The goal of this analysis is to produce Kaplan-Meier curves of overall survival (OS) by residual disease (RD) status for patients included in TCGA and Tothill et al.

### 1.2 Data \& Methods

We use the RData objects containing clinical information created in previous reports (assembleTCGAClinical, assembleTothillClinical). Patients are filtered as described previously (filterTCGASamples, filterTothillSamples). Additional patients are excluded for whom survival information is missing. 

Survival times are converted from months to years for the data of Tothill et al.

Kaplan-Meier plots are produced to illustrate OS in patient cohorts. OS is compared between groups using the log-rank test.

Comparisons considered are:

i) TCGA versus Tothill et al.

ii) Within each dataset by the RD categories provided in the original data sources.

iii) Within each dataset, any RD compared to no RD.

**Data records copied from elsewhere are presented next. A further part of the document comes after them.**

Theorem lemma3p9 (X : finType) (d : Order.disp_t) (P : porderType d)
  (T : {set {set X}}) (sigma : X -> {set X} -> option P) :
  is_typed_topology T sigma ->
  forall (D : {set X}) (p : P),
    exists Q : {set {set X}},
      good_partition sigma p D Q /\
      (forall Q' : {set {set X}}, good_partition sigma p D Q' -> Q' = Q).
Proof.
move=> typed D p.
have [Q [compQ uniqQ]] := component_partition_unique (linked_sym sigma p) D.
exists Q; split => [|Q' /(good_partition_component typed)]; last exact: uniqQ.
exact/(good_partition_component typed).
Qed.
Lemma card_not_good_le :
  #|[set f : {ffun T -> 'I_L} | ~~ goodb sq L l f]| <=
  \sum_(B | bad_patternb B) #|[set f : {ffun T -> 'I_L} | occursb f B]|.
Proof.
rewrite -sum1dep_card.
apply: (@leq_trans (\sum_(f | ~~ goodb sq L l f) \sum_(B | bad_patternb B) occursb f B)).
  apply: leq_sum => f /not_goodbP [B bad occ].
  by have /andP [badB occB] := bad_patternbP bad occ; rewrite (bigD1 (pattern_of B)) //= occB.
rewrite (exchange_big_dep bad_patternb) //=; apply: leq_sum => B _.
rewrite -sum1dep_card big_mkcond [X in _ <= X]big_mkcond /=.
by apply: leq_sum => f _; case: occursb; case: ifP.
Qed.

Lemma card_occurs_mul B : jobs_once B ->
  #|[set f : {ffun T -> 'I_L} | occursb f B]| * L ^ pattern_size B <= L ^ #|T|.
Proof.
move=> /forallP once.
pose Q := [set xv : slot * visit | xv.2 \in B xv.1].
have size_Q : pattern_size B = #|Q|.
  rewrite /pattern_size -sum1dep_card (eq_bigr (fun x => \sum_(v in B x) 1)) => [|x _].
    by rewrite pair_big_dep.
  by rewrite sum1_card.
have job_inj : {in Q &, injective (fun xv : slot * visit => xv.2.1)}.
  move=> [x v] [x' v']; rewrite !inE /= => Bv Bv' eq_j.
  move: (once x) => /forallP/(_ x')/forall_inP/(_ v Bv)/forall_inP/(_ v' Bv').
  by rewrite eq_j eqxx => /andP [/eqP -> /eqP ->].
pose F j := [pred y : 'I_L | [forall x, forall v in B x, (v.1 == j) ==> (y + v.2 == x.1)]].
have occ_family : [set f | occursb f B] \subset family F.
  apply/subsetP => f; rewrite inE => /forallP occ; apply/familyP => j; rewrite inE.
  apply/forallP => x; apply/forall_inP => v Bv; apply/implyP => /eqP <-.
  exact: (forall_inP (occ x)).
have pinned j : j \in [set xv.2.1 | xv in Q] -> #|F j| <= 1.
  case/imsetP => -[x v]; rewrite inE /= => Bv ->; apply/card_le1_eqP => y y'; rewrite /F !inE.
  move=> /forallP/(_ x)/forall_inP/(_ v Bv); rewrite eqxx => /eqP y_eq.
  move=> /forallP/(_ x)/forall_inP/(_ v Bv); rewrite eqxx => /eqP y'_eq.
  by apply: val_inj; apply/eqP; rewrite -(eqn_add2r v.2) y_eq y'_eq.
have := card_family_pinned pinned; rewrite card_ord size_Q -(card_in_imset job_inj).
by apply: leq_trans; rewrite leq_mul2r subset_leq_card ?orbT.
Qed.

Lemma card_visits_at m : #|visits_at m| <= congestion sq.
Proof.
apply: leq_trans (leq_bigmax (F := fun m => \sum_j count_mem m (sq j)) m).
pose at_m j (i : 'I_(dilation sq)) := (i < size (sq j)) && (nth m (sq j) i == m).
rewrite -sum1dep_card (eq_bigl (fun v : visit => xpredT v.1 && at_m v.1 v.2)) //.
rewrite -(pair_big_dep xpredT at_m (fun _ _ => 1)).
apply: leq_sum => j _; rewrite /at_m (sum_ord_nth_count (pred1 m)) //.
exact: (leq_bigmax (F := fun j => size (sq j)) j).
Qed.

iv) Within each dataset, by FABP4 expression.

### 1.3 Results

Three patients are excluded from the filtered cohort of Tothill et al. because of missing survival information.

OS is essentially identical in TCGA and Tothill et al.

Within each data set, OS differs significantly by RD status, using both the RD categories provided or comparing any RD to no RD.

In each data set, OS is worse among the 25% of patients with the highest expression levels of FABP4. The difference reaches statistical significance in Tothill et al.

## 2 Loading \& Filtration of Data

The data objects are loaded.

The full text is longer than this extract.